* **EXERCISE REQUIREMENTS**
Return each line of the data below that contains the string "sigma".

== SOURCE MATERIAL ==

(* The problems EE-NCL and EE-ANCL coincide: an NCL machine with two distinguished edges $e_a,e_b$ and target orientations for them is a yes-instance of EE-NCL if and only if it is a yes-instance of EE-ANCL.
   Context: An NCL machine is an undirected 3-connected 3-regular planar graph whose vertices are of two types, AND and OR; of the three edges incident to an AND vertex, one is designated its output edge and the other two its input edges. A legal configuration is an orientation of all edges such that (i) for each AND vertex, either its output edge is directed inward or both its input edges are directed inward, and (ii) for each OR vertex, at least one of its three incident edges is directed inward. A legal move reverses a single edge so that the resulting configuration is again legal. EE-NCL (Edge-to-Edge for NCL machines): given an NCL machine with two distinguished edges $e_a,e_b$ and a target orientation for each, decide whether there exist legal configurations $A$ and $B$ such that $e_a$ has its target orientation in $A$, $e_b$ has its target orientation in $B$, and some finite sequence of legal moves leads from $A$ to $B$ (edges may be reversed arbitrarily many times). EE-ANCL (asynchronous version): same input and question, except that moves are asynchronous in continuous time over a bounded timespan: any edge may start reversing at any time, and its reversal phase lasts some strictly positive amount of time (no two reversal phases of the same edge overlap, but different edges may be reversing simultaneously); while an edge is in its reversal phase its orientation is undefined and it is directed toward neither endpoint; at every time both vertex constraints (i) and (ii) must hold, counting only edges with defined orientation; and no edge is reversed infinitely many times in a bounded timespan. The question is whether one can go in this way from a legal configuration $A$ with $e_a$ in its target orientation to a configuration $B$ with $e_b$ in its target orientation. *)

From Stdlib Require Import Reals.
From HB Require Import structures.
From mathcomp Require Import all_boot all_fingroup.

Set Implicit Arguments.
Unset Strict Implicit.
Unset Printing Implicit Defensive.

Section NCL.

(* An orientation [c : E -> bool] directs edge e
   from (ends e).1 to (ends e).2 when [c e = true], and the other way when
   [c e = false]. *)
Variables (V E : finType) (ends : E -> V * V).

Definition incident (v : V) (e : E) : bool :=
  ((ends e).1 == v) || ((ends e).2 == v).

Definition simple_graph : Prop :=
  (forall e, (ends e).1 != (ends e).2) /\
  (forall e f, [set (ends e).1; (ends e).2] = [set (ends f).1; (ends f).2] -> e = f).

Definition cubic : Prop := forall v : V, #|[set e | incident v e]| = 3.

Definition adj (u w : V) : bool :=
  [exists e, (ends e == (u, w)) || (ends e == (w, u))].

Definition three_connected : Prop :=
  3 < #|V| /\
  forall S : {set V}, #|S| <= 2 -> forall u w : V, u \notin S -> w \notin S ->
    connect (fun x y => [&& x \notin S, y \notin S & adj x y]) u w.

(* Planarity via rotation systems (combinatorial maps, Heffter-Edmonds):
   darts are pairs (e, b); dart (e,true) sits at (ends e).1, (e,false) at
   (ends e).2.  A rotation system is a permutation sigma of darts whose
   cycles are exactly the sets of darts at each vertex; faces are the cycles
   of phi = sigma o alpha, alpha the dart involution.  A connected graph is
   planar iff some rotation system satisfies Euler's formula V - E + F = 2. *)
Definition dvert (d : E * bool) : V := if d.2 then (ends d.1).1 else (ends d.1).2.
Definition alpha (d : E * bool) : E * bool := (d.1, ~~ d.2).

Definition planar : Prop :=
  exists sigma phi : {perm (E * bool)},
    [/\ (forall d, dvert (sigma d) = dvert d),
        (forall d d', dvert d = dvert d' -> d' \in porbit sigma d),
        (forall d, phi d = sigma (alpha d)) &
        #|V| + #|porbits phi| = #|E| + 2].

(* NCL machine: vertex types (isAND v = true for AND vertices, false for OR)
   and designated output edge [out v] of each AND vertex; the input edges of
   an AND vertex are its two other incident edges. *)
Variables (isAND : V -> bool) (out : V -> E).

Definition ncl_machine : Prop :=
  [/\ simple_graph, cubic, three_connected, planar &
      forall v, isAND v -> incident v (out v)].

Definition head (b : bool) (e : E) : V := if b then (ends e).2 else (ends e).1.

(* partial orientations: None = edge currently reversing (undefined) *)
Definition inward (o : E -> option bool) (e : E) (v : V) : bool :=
  if o e is Some b then head b e == v else false.

Definition vertex_ok (o : E -> option bool) (v : V) : bool :=
  if isAND v then
    inward o (out v) v ||
    [forall e, (incident v e && (e != out v)) ==> inward o e v]
  else [exists e, incident v e && inward o e v].

Definition constraints_ok (o : E -> option bool) : bool := [forall v, vertex_ok o v].

Definition legal (c : {ffun E -> bool}) : bool := constraints_ok (fun e => Some (c e)).

Definition legal_move (c c' : {ffun E -> bool}) : bool :=
  [&& legal c, legal c' & #|[set e | c e != c' e]| == 1].

Definition EE_NCL (ea : E) (ta : bool) (eb : E) (tb : bool) : Prop :=
  exists A B : {ffun E -> bool},
    [/\ legal A, legal B, A ea = ta, B eb = tb & connect legal_move A B].

Definition Rleb (x y : R) : bool := if Rle_dec x y then true else false.
Definition Rltb (x y : R) : bool := if Rlt_dec x y then true else false.

Definition wf_phases (P : E -> seq (R * R)) : Prop :=
  forall e,
    (forall i, i < size (P e) ->
       Rlt (nth (R0, R0) (P e) i).1 (nth (R0, R0) (P e) i).2) /\
    (forall i j, i < j -> j < size (P e) ->
       Rle (nth (R0, R0) (P e) i).2 (nth (R0, R0) (P e) j).1 \/
       Rle (nth (R0, R0) (P e) j).2 (nth (R0, R0) (P e) i).1).

Definition state_at (A : {ffun E -> bool}) (P : E -> seq (R * R)) (tau : R)
    (e : E) : option bool :=
  if has (fun p => Rleb p.1 tau && Rltb tau p.2) (P e) then None
  else Some (xorb (A e) (odd (count (fun p => Rleb p.2 tau) (P e)))).

Definition final_conf (A : {ffun E -> bool}) (P : E -> seq (R * R)) (e : E) : bool :=
  xorb (A e) (odd (size (P e))).

Definition EE_ANCL (ea : E) (ta : bool) (eb : E) (tb : bool) : Prop :=
  exists (A : {ffun E -> bool}) (P : E -> seq (R * R)),
    [/\ legal A, wf_phases P,
        (forall tau : R, constraints_ok (state_at A P tau)),
        A ea = ta & final_conf A P eb = tb].

End NCL.

From Pilot Require Import Defs.
From Stdlib Require Import Reals Lra.
From HB Require Import structures.
From mathcomp Require Import all_boot all_fingroup.

Set Implicit Arguments.
Unset Strict Implicit.
Unset Printing Implicit Defensive.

===

* **OUTPUT FOR THIS TASK**
   (ends e).2.  A rotation system is a permutation sigma of darts whose
   of phi = sigma o alpha, alpha the dart involution.  A connected graph is
  exists sigma phi : {perm (E * bool)},
    [/\ (forall d, dvert (sigma d) = dvert d),
        (forall d d', dvert d = dvert d' -> d' \in porbit sigma d),
        (forall d, phi d = sigma (alpha d)) &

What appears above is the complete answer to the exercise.